俺達は山を下りて畑の脇を抜け、特に何事もなく里の近くへ戻ってきた。
正門のあたり一帯に、工事の音が響いている。
現在、里は防壁の改修作業の真っ最中なのだ。里内部の家屋の復旧作業はすでに大方終了し、十日ほど前からこの南側の防壁の工事が始まっていた。
防壁周辺には作業中の里人やゴーレム達が忙しく歩き回っている。
その中には、建材を運ぶ大きな戦象ゴーレムの背中も見えた。
防壁の一部が解体されたあたりに、大砲の上に滑り台を乗っけたような大きな機械が露出しているのが見える。
大型魔道具のような見た目をした真新しいその装置は、うっすらと光沢を放っていた。
あれは、ゴーレム用の射出機だ。
ああいった据え付け型の射出機は元々防壁の内側に一定間隔で設置されていて、防衛時には、あそこから防壁外にゴーレムを射ち出す形で出撃させる。
要は、ゴーレムを発射する大砲みたいなものだ。
この世界の大きな城塞都市や軍事施設などでは、比較的よく見られる設備なのだそうである。
もっとも、一般の村落に設置されるような代物ではないらしいが……。
元々里の防壁に五台ほど設置されていた射出機は、最大飛距離が十メートル未満で、軍の払い下げの旧式品だった。だが、今回防壁の改修と同時に射出機も新たに増設して、最大飛距離が三倍以上あるこの最新式の物を導入するそうである。
俺も先日行なわれた試射を見学させてもらったが、“下駄”と呼ばれる衝撃緩和用の脚部カバーみたいな装備を履いたゴーレムが、三十メートル近くもロケットみたいにぶっ飛んでいく姿は、実に壮観だった。

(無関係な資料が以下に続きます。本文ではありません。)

Lemma rescale_onto x : 0 <= x -> exists s, 0 <= s /\ rescale s = x.
Proof.
  intros Hx. destruct (Rlt_dec x 1); [exists x; split; [auto | apply rescale_lo; lra]|].
  assert (Hex : exists n, x < 2 ^ n).
  { destruct (archimed x) as [Hu _]. exists (Z.to_nat (up x)).
    pose proof (pow2_ge (Z.to_nat (up x))) as Hp.
    rewrite INR_IZR_INZ, Z2Nat.id in Hp; [lra|]. apply le_IZR. lra. }
  destruct (dec_inh_nat_subset_has_unique_least_element (fun n => x < 2 ^ n))
    as [k [[Hk Hmin] _]]; [intros m; apply classic | auto |].
  assert (Hk1 : (1 <= k)%nat) by (destruct k; simpl in Hk; lia || lra).
  assert (Hk2 : 2 ^ (k - 1) <= x).
  { apply Rnot_lt_le. intros Hc. specialize (Hmin _ Hc). lia. }
  pose proof (pow2_pos (k - 1)).
  rewrite (pow2_split (k - 1) k) in Hk by lia.
  replace (k - (k - 1))%nat with 1%nat in Hk by lia. simpl in Hk.
  set (s := INR k - 1 + x / 2 ^ (k - 1)).
  assert (Ex : x / 2 ^ (k - 1) * 2 ^ (k - 1) = x) by (field; lra).
  assert (Hq : 1 <= x / 2 ^ (k - 1) < 2).
  { split.
    - apply (Rmult_le_reg_r (2 ^ (k - 1))); auto. rewrite Ex. lra.
    - apply (Rmult_lt_reg_r (2 ^ (k - 1))); auto. rewrite Ex. lra. }
  assert (Hkf : flr s = k) by (apply flr_unique; unfold s; lra).
  apply le_INR in Hk1. simpl in Hk1.
  exists s. split; [unfold s; lra|].
  unfold rescale. destruct Rlt_dec; [unfold s in *; lra|].
  rewrite Hkf. unfold s. field. lra.
Qed.
Lemma well_formed_eta w : well_formed one (eta w).
Proof.
rewrite /eta /well_formed; case: leqP => [long_w|_]; last by rewrite /= mkB_val.
have nth_eta i : i < size w ->
    nth (bdef one) (map (@proj1_sig _ _) (mkseq (letter w) (size w))) i = triple w i.
  move=> lt_iw; rewrite (nth_map (letter w 0)) ?size_mkseq // nth_mkseq // mkB_val //.
  exact: triple_valid.
have size_gt0 : 0 < size w by apply: leq_trans card_M_gt0 long_w.
rewrite size_map size_mkseq !nth_eta; try lia.
split; first by move=> /(congr1 size); rewrite size_mkseq /=; lia.
split; first by rewrite /triple /idem_at eqxx.
split; first by rewrite /triple /idem_at prednK // eqxx orbT.
move=> i lt_iw; rewrite !nth_eta; try lia.
exists (cut_idem (window w i.+1)); rewrite /triple /idem_at /= (ltn_eqF lt_iw).
do 2!split=> //; apply: (@idem_at_inES w long_w i.+1); first exact: ltnW.
by rewrite /idem_at /= (ltn_eqF lt_iw).
Qed.

(* Decodes [view #|M| w i]: [pmap id] recovers the factor of [w] around [i],
   and the leading [None]s the offset of [i] in it. *)
Definition letter_of_view (c : seq (option A)) : B := letter (pmap id c) (#|M| - find isSome c).

Section Window.
Variables (w : seq A) (i : nat).
Hypotheses (long_w : #|M| <= size w) (lt_iw : i < size w).
Let o := i - #|M|.
Let v := factor w o (i + #|M|.+1).

Lemma cutpos_factor j : i <= j <= i.+1 ->
  [/\ o <= cutpos w j, cutpos w j <= i + #|M|.+1,
      cutpos v (j - o) = cutpos w j - o & idem_at v (j - o) = idem_at w j].
Proof.
case/andP=> le_ij le_ji; have le_jw : j <= size w by lia.
have K_gt0 := card_M_gt0.
have eq0 : (j - o == 0) = (j == 0) by apply/eqP/eqP; rewrite /o; lia.
have eqn : (j - o == size v) = (j == size w) by rewrite size_factor; apply/eqP/eqP; rewrite /o; lia.
have win : window v (j - o) = window w j.
  by rewrite /window factor_factor; [congr factor|..]; rewrite /o; lia.
have := cutpos_le long_w le_jw; rewrite /cutpos /idem_at eq0 eqn win /o.
by case: eqP => [j0|nz_j]; case: eqP => [jw|ne_jw]; split=> //; lia.
Qed.

Lemma letter_factor : letter v (i - o) = letter w i.
Proof.
have [o_i c_i cut_i idem_i] := @cutpos_factor i ltac:(lia).
have [o_i1 c_i1 cut_i1 idem_i1] := @cutpos_factor i.+1 ltac:(lia).
have mono := cutpos_mono long_w lt_iw.
rewrite /letter /triple -subSn ?cut_i ?cut_i1 ?idem_i ?idem_i1 /o; last lia.
by rewrite factor_factor ?subnKC //; lia.
Qed.

Lemma letter_of_view_view : letter_of_view (view #|M| w i) = letter w i.
Proof.
rewrite /letter_of_view pmap_view // find_view //.
by rewrite (_ : #|M| - (#|M| - i) = i - o) ?letter_factor // /o; lia.
Qed.

End Window.

Lemma eta_slide w : #|M| <= size w -> eta w = slide #|M| letter_of_view w.
Proof.
move=> long_w; rewrite /eta long_w /slide /mkseq; apply/eq_in_map => i.
by rewrite mem_iota => /andP[_ lt_iw]; rewrite letter_of_view_view.
Qed.

End Construction.

Theorem lemma3 (A M : finType) (mul : M -> M -> M) (one : M)
  (mulA : associative mul) (mul1m : left_id one mul) (mulm1 : right_id one mul)
  (alpha : seq A -> M)
  (alpha_nil : alpha [::] = one)
  (alpha_cat : forall u v, alpha (u ++ v) = mul (alpha u) (alpha v)) :
  exists eta : seq A -> seq (Bty mul alpha),
    (forall w, well_formed one (eta w) /\ alpha w = beta one (eta w)) /\
    (forall K : seq (Bty mul alpha) -> Prop,
        FO2_lt_definable K -> FO2_lt_succ_definable (fun w => K (eta w))).
Proof.
exists (eta mul one alpha); split=> [w|K [phi [s_phi [_ def_K]]]].
  split; first exact: well_formed_eta.
  by rewrite beta_eta.
apply: (definable_preimage_slide (eta_slide mulA mul1m mulm1 alpha_nil alpha_cat)).
by exists phi.
Qed.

防衛時にゴーレムを遠くに飛ばすことに、果たしてロマン以外の意味があるのか? と、つい勘ぐってしまうところなのだが、実際にはこれ、おおいに意味があるようだ。
射出距離が伸びると敵にとってはゴーレムの予測出現地点が絞れなくなるので、戦術上、それだけで脅威度が跳ね上がるという。
なるほどたしかに、その恐ろしさというのは、攻め手の立場になって考えてみるとよく分かる。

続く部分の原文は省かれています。